David Smith, who has died at the age of 92, was one of the last survivors of the group of British archaeologists who, working under the leadership of Richard Goodchild and Bryan Ward-Perkins, made a significant contribution to the development of Libyan archaeology in the decade following the Second World War as the country gained its full independence.

Although he was born and educated in north-east England and spent almost his entire working life at the University of Newcastle, his Libyan adventures represent a remarkable interlude. His university education at King's College, Newcastle (later to become the University of Newcastle), was interrupted by wartime service and it was his experience of Roman ruins in Tunisia that was to set his life course. When he returned to complete his degree, he soon made Roman archaeology his specialism under Ian Richmond's guidance, following up with a PhD at Durham on Roman mosaics in Britain (awarded in 1952).

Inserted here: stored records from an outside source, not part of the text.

(* [A] may be [y < b] or [y <= b]: the integrand vanishes at [y = b] anyway. *)
Lemma lnE_sub_put_price (A : set R) b :
  (forall y, y < b -> A y) -> (forall y, A y -> y <= b) ->
  lnE sigma Delta v0 A (fun y => y - b) = - put_price b.
Proof.
move=> ltA Ale; rewrite /lnE Rintegral_mkcond /put_price -[RHS]mulN1r -RintegralZl //;
  last exact: integrable_put_payoff.
apply: eq_Rintegral => x _; rewrite patchE.
case: ifPn => [/set_mem /= /Ale xb | /negP xA].
  have -> : vD v0 x - b = - put_payoff b x.
    by rewrite /put_payoff maxEle; case: leP => *; lra.
  by rewrite mulNr mulN1r.
have -> : put_payoff b x = 0.
  apply/max_r; rewrite subr_le0 leNgt; apply/negP => /ltA xA'.
  by apply: xA; exact: mem_set.
by rewrite mul0r mulr0.
Qed.

Lemma lnE_lt_sub b :
  lnE sigma Delta v0 [set y | y < b] (fun y => y - b)
  = lnE sigma Delta v0 [set y | y < b] id - b * P_lt sigma Delta v0 b.
Proof.
have mS := measurable_vD_lt b.
have mphi : measurable_fun setT (fun x => 1 * phi x).
  by apply: measurable_funM => //; exact: measurable_normal_pdf.
have int1 : mu.-integrable [set x | vD v0 x < b] (EFin \o (fun x => 1 * phi x)).
  apply: (@integrable_phi_dominated _ _ 1 mS mphi) => x _.
  by rewrite normrM normr1 ger0_norm ?normal_pdf_ge0.
have intb : mu.-integrable [set x | vD v0 x < b] (EFin \o (fun x => b * (1 * phi x))).
  apply: (@integrable_phi_dominated _ _ `|b| mS) => [|x _].
    by apply: measurable_funM.
  by rewrite mul1r normrM (ger0_norm (normal_pdf_ge0 _ _ x)).
have intv : mu.-integrable [set x | vD v0 x < b] (EFin \o (fun x => vD v0 x * phi x)).
  apply: (@integrable_phi_dominated _ _ `|b| mS) => [|x /= xb].
    by apply: measurable_funM; [exact: measurable_vD | exact: measurable_normal_pdf].
  rewrite normrM (ger0_norm (normal_pdf_ge0 _ _ x)) (ger0_norm (ltW (vD_gt0 x))).
  by rewrite ler_wpM2r ?normal_pdf_ge0 // (le_trans _ (ler_norm b)) ?ltW.
rewrite /P_lt /lnE -RintegralZl // -RintegralB //.
by apply: eq_Rintegral => x _; rewrite mul1r mulrBl.
Qed.

Lemma P_lt_mul_condE_lt_sub b :
  P_lt sigma Delta v0 b * (condE_lt sigma Delta v0 b - b) = - put_price b.
Proof.
have := lnE_lt_sub b; rewrite (@lnE_sub_put_price _ b) //; last by move=> y /ltW.
rewrite /condE_lt; set E := lnE _ _ _ _ id; set P := P_lt _ _ _ _ => E_eq.
have [P0|P_neq0] := eqVneq P 0; last by rewrite mulrBr mulrC divfK // mulrC E_eq.
(* Here [E / P] is the junk value [E / 0 = 0]; squeeze [E] to [0] instead. *)
have E_ge0 : 0 <= E.
  by apply: Rintegral_ge0 => x _; rewrite mulr_ge0 ?normal_pdf_ge0 ?(ltW (vD_gt0 x)).
have := put_price_ge0 b; move: E_eq; rewrite P0 mulr0 subr0 mul0r; lra.
Qed.

Lemma P_le_lt b : P_le sigma Delta v0 b = P_lt sigma Delta v0 b.
Proof.
rewrite /P_le /P_lt /lnE /=; have [b_le0|b_gt0] := leP b 0.
  by rewrite vD_le_set0 // vD_lt_set0.
rewrite vD_le_itv // vD_lt_itv //; symmetry; apply: Rintegral_itv_bndo_bndc.
rewrite -vD_lt_itv //; apply: (@integrable_phi_dominated _ _ 1 (measurable_vD_lt b)).
  by apply: measurable_funM => //; exact: measurable_normal_pdf.
by move=> x _; rewrite mul1r ger0_norm ?normal_pdf_ge0.
Qed.
(* Let $\mathcal T$ consist of projective objects and be contravariantly finite in $\mathcal A$, and let $f:X\to Y$ be an epimorphism in $\mathcal A$. Then $\overline f$ is a strong monomorphism in the left triangulated category $\underline{\mathcal A}$ if and only if $\ker(f)\in\mathcal T$.
   Context: $\mathcal A$ is abelian, $\mathcal T$ a full additive subcategory closed under finite direct sums and direct summands; $\underline{\mathcal A}=\mathcal A/\langle\mathcal T\rangle$ is the stable category, $\overline f$ the class of $f$. For $\mathcal T$ contravariantly finite, $\underline{\mathcal A}$ is left triangulated: $\Omega Y=\ker(p_Y)$ for a $\mathcal T$-precover $p_Y:T_Y\to Y$; for $f:X\to Y$ one forms the pullback $Z$ of $f$ and $p_Y$ with projection $g:Z\to X$ and induced $\Omega Y\to Z$; left triangles are diagrams isomorphic to $\Omega Y\to Z\xrightarrow{\overline g}X\xrightarrow{\overline f}Y$. $\overline f$ is a strong monomorphism if there is a left triangle $\Omega Y\to0\to X\xrightarrow{\overline f}Y$. *)

From HB Require Import structures.
From mathcomp Require Import all_boot all_algebra.
Set Implicit Arguments. Unset Strict Implicit. Unset Printing Implicit Defensive.
Import GRing.Theory.
Local Open Scope ring_scope.

Record preadditive := PreAdditive {
  Obj : Type;
  Mor : Obj -> Obj -> zmodType;
  idm : forall X, Mor X X;
  comp : forall {X Y Z}, Mor Y Z -> Mor X Y -> Mor X Z;
  compA : forall X Y Z W (h : Mor Z W) (g : Mor Y Z) (f : Mor X Y),
      comp h (comp g f) = comp (comp h g) f;
  comp1m : forall X Y (f : Mor X Y), comp (idm Y) f = f;
  compm1 : forall X Y (f : Mor X Y), comp f (idm X) = f;
  compDl : forall X Y Z (g g' : Mor Y Z) (f : Mor X Y),
      comp (g + g') f = comp g f + comp g' f;
  compDr : forall X Y Z (g : Mor Y Z) (f f' : Mor X Y),
      comp g (f + f') = comp g f + comp g f'
}.
Arguments idm {p} X.
Arguments comp {p X Y Z}.
Arguments Mor {p}.
Arguments Obj : clear implicits.

Section Cat.
Variable C : preadditive.
Implicit Types X Y Z W A B K Q O U V S P Cc Ca Cb : Obj C.

Definition is_zero_obj (O : Obj C) : Prop :=
  (forall W (h : Mor O W), h = 0) /\ (forall W (h : Mor W O), h = 0).

Definition mono X Y (f : Mor X Y) : Prop :=
  forall W (g1 g2 : Mor W X), comp f g1 = comp f g2 -> g1 = g2.

Definition epi X Y (f : Mor X Y) : Prop :=
  forall W (g1 g2 : Mor Y W), comp g1 f = comp g2 f -> g1 = g2.
Section Persistence.
Variables (R : realType) (Q : finType) (r : nat).
Variables (delta : {ffun 'I_(2 * r + 1) -> Q} -> Q) (p : Q -> R).
Hypothesis p_pos : forall a, 0 < p a.
Hypothesis p_sum : \sum_(a : Q) p a = 1.
Local Notation A := (ca_iter delta).

Let p_ge0 a : 0 <= p a. Proof. exact: ltW. Qed.

Lemma pushforward_cylE n u : pushforward_cyl delta p n u =
  wmean p (size u + 2 * (n * r)) (fun s =>
    (`[< forall c : config Q, cyl s (- (n * r)%:Z) c -> cyl u 0 (A n c) >])%:R).
Proof.
rewrite /pushforward_cyl big_mkcond -wmean_tuple; apply: eq_bigr => v _.
by case: ifP; rewrite ?mul1r ?mul0r.
Qed.

Lemma pushforward_cyl_ge0 n u : 0 <= pushforward_cyl delta p n u.
Proof. by rewrite pushforward_cylE; apply: wmean_ge0 => // s _; apply: ler0n. Qed.

Lemma wall_pushforward_lb W n : is_wall delta W -> (1 <= n)%N ->
  \prod_(x <- W 0%N) p x <= pushforward_cyl delta p n (W n).
Proof.
move=> Wwall n1; have Wcyl c := wall_cyl (c := c) Wwall n1.
move: (wall_size_le n Wwall) Wcyl; set w0 := W 0%N; set t := size w0.
move: (W n) => u ut Wcyl; set M := (size u + 2 * (n * r))%N.
(* [v] is the light cone window padded by [t] cells on each side, and [k] is the
   index in [v] at which the wall places its foot [w0]. *)
set k := (t + n * r + (size u).+1 %/ 2 - t.+1 %/ 2)%N.
rewrite pushforward_cylE -(wmean_window p_sum (N := t + (M + t)) (k := t)); last by lia.
rewrite -(wmean_eq p_sum) -(wmean_window p_sum (N := t + (M + t)) (k := k) (M := t));
  last by rewrite /k /M; lia.
apply: ler_wmean => // v sv.
case: eqP => [w0_in_v|_]; last by rewrite ler_nat.
rewrite asboolT // => c cv.
set P := periodize (c 0) v (- (n * r)%:Z - t%:Z).
have Pv : cyl v (- (n * r)%:Z - t%:Z) P by apply: cyl_periodize.
have Pw0 : cyl w0 (((size u).+1 %/ 2)%:Z - (t.+1 %/ 2)%:Z) P.
  have -> : ((size u).+1 %/ 2)%:Z - (t.+1 %/ 2)%:Z = - (n * r)%:Z - t%:Z + k%:Z.
    by rewrite /k; lia.
  by have := cyl_take_drop (n := t) (k := k) Pv; rewrite w0_in_v.
apply: eq_cyl0 (Wcyl _ Pw0) => j ju.
apply: (ca_iter_light_cone delta (x := 0) (y := (size u)%:Z)); last by lia.
have := cyl_take_drop (n := M) (k := t) Pv; rewrite subrK => Pwindow.
move=> i i_in; apply: (cyl_agree cv Pwindow).
by rewrite size_takel ?size_drop ?sv /M; lia.
Qed.
(* Let $\mathbb{K}$ be a field of characteristic $2$, let $(A,\cdot,\{-,-\},(-)^{\{2\}})$ be a restricted Poisson algebra, and let $n\ge0$. For every $(\varphi,\omega)\in C^n_{\rm PA}(A)$ we have $\mathrm{d}^n_{\rm PA}(\varphi,\omega)\in C^{n+1}_{\rm PA}(A)$; consequently $\big(\bigoplus_{n\ge0}C^n_{\rm PA}(A),\mathrm{d}^n_{\rm PA}\big)$ is a cochain complex.
   Context: $\mathbb{K}$ has characteristic $2$. Restricted Poisson algebra: commutative associative (not necessarily unital) $(A,\cdot)$ with Lie bracket $\{-,-\}$ satisfying $\{ab,c\}=a\{b,c\}+b\{a,c\}$, and a map $(-)^{\{2\}}$ such that $(\lambda x)^{\{2\}}=\lambda^2x^{\{2\}}$, $\mathrm{ad}_{x^{\{2\}}}=\mathrm{ad}_x^2$, $(x+y)^{\{2\}}=x^{\{2\}}+y^{\{2\}}+\{x,y\}$, and $(xy)^{\{2\}}=x^2y^{\{2\}}+y^2x^{\{2\}}+xy\{x,y\}$. $\mathfrak{X}^k(A)$: alternating $k$-linear maps $A^k\to A$ that are derivations of $\cdot$ in each argument. $C^0_{\rm PA}(A)=A$, $C^1_{\rm PA}(A)=\mathfrak{X}^1(A)$; for $n\ge2$, $C^n_{\rm PA}(A)$ consists of pairs $(\varphi,\omega)$ with $\varphi\in\mathfrak{X}^n(A)$ and $\omega:A\times A^{n-2}\to A$ alternating and multilinear in its last $n-2$ arguments, such that (with $z=(z_2,\dots,z_{n-1})$): $\omega(\lambda x,z)=\lambda^2\omega(x,z)$; $\omega(x+y,z)=\omega(x,z)+\omega(y,z)+\varphi(x,y,z)$; $\omega(xy,z)=x^2\omega(y,z)+y^2\omega(x,z)+xy\varphi(x,y,z)$; $\omega(x,z_2,..,z_iz_i',..,z_{n-1})=z_i\omega(x,..,z_i',..)+z_i'\omega(x,..,z_i,..)$. Differentials (with $x\cdot m=\{x,m\}$): $\mathrm{d}^0(a)(x)=\{x,a\}$; $\mathrm{d}^1\psi=(\mathrm{d}_{\rm CE}\psi,\delta^1\psi)$, $\delta^1\psi(x)=\psi(x^{\{2\}})+\{x,\psi(x)\}$; $\mathrm{d}^n(\varphi,\omega)=(\mathrm{d}_{\rm CE}\varphi,\delta^n\omega)$ where $\mathrm{d}_{\rm CE}\varphi(x_1,..,x_{n+1})=\sum_{i<j}\varphi(\{x_i,x_j\},x_1,..,\hat x_i,..,\hat x_j,..,x_{n+1})+\sum_i\{x_i,\varphi(x_1,..,\hat x_i,..,x_{n+1})\}$ and $\delta^n\omega(x,z_2,..,z_n)=\{x,\varphi(x,z_2,..,z_n)\}+\sum_{i=2}^n\{z_i,\omega(x,z_2,..,\hat z_i,..,z_n)\}+\varphi(x^{\{2\}},z_2,..,z_n)+\sum_{i=2}^n\varphi(\{x,z_i\},x,z_2,..,\hat z_i,..,z_n)+\sum_{2\le i<j\le n}\omega(x,\{z_i,z_j\},z_2,..,\hat z_i,..,\hat z_j,..,z_n)$. *)

From HB Require Import structures.
From mathcomp Require Import all_boot all_order all_algebra.
Set Implicit Arguments. Unset Strict Implicit. Unset Printing Implicit Defensive.
Import Order.TTheory GRing.Theory Num.Theory.
Local Open Scope ring_scope.

Section RPA.
Variables (K : fieldType) (V : lmodType K).
Variables (mul br : V -> V -> V) (sq : V -> V).

Definition is_comm_assoc_alg : Prop :=
  [/\ (forall a x y z, mul (a *: x + y) z = a *: mul x z + mul y z),
      (forall x y, mul x y = mul y x) &
      (forall x y z, mul x (mul y z) = mul (mul x y) z)].

Definition is_lie : Prop :=
  [/\ (forall a x y z, br (a *: x + y) z = a *: br x z + br y z),
      (forall a x y z, br z (a *: x + y) = a *: br z x + br z y),
      (forall x, br x x = 0) &
      (forall x y z, br x (br y z) + br y (br z x) + br z (br x y) = 0)].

Richmond subsequently found him work setting up a number of the north-eastern museums, notably South Shields and the Museum of Antiquities at the University of Newcastle, where by 1956 he had been appointed permanent Custodian and Secretary of the Collections (later also becoming a member of the academic staff at the Department of Archaeology when it was established in 1972). He spent the rest of his career there, retiring in 1987 as Senior Lecturer. He was a meticulous scholar, but modest and unassuming in his personal dealings – yet in his quiet way his career achieved considerable impacts.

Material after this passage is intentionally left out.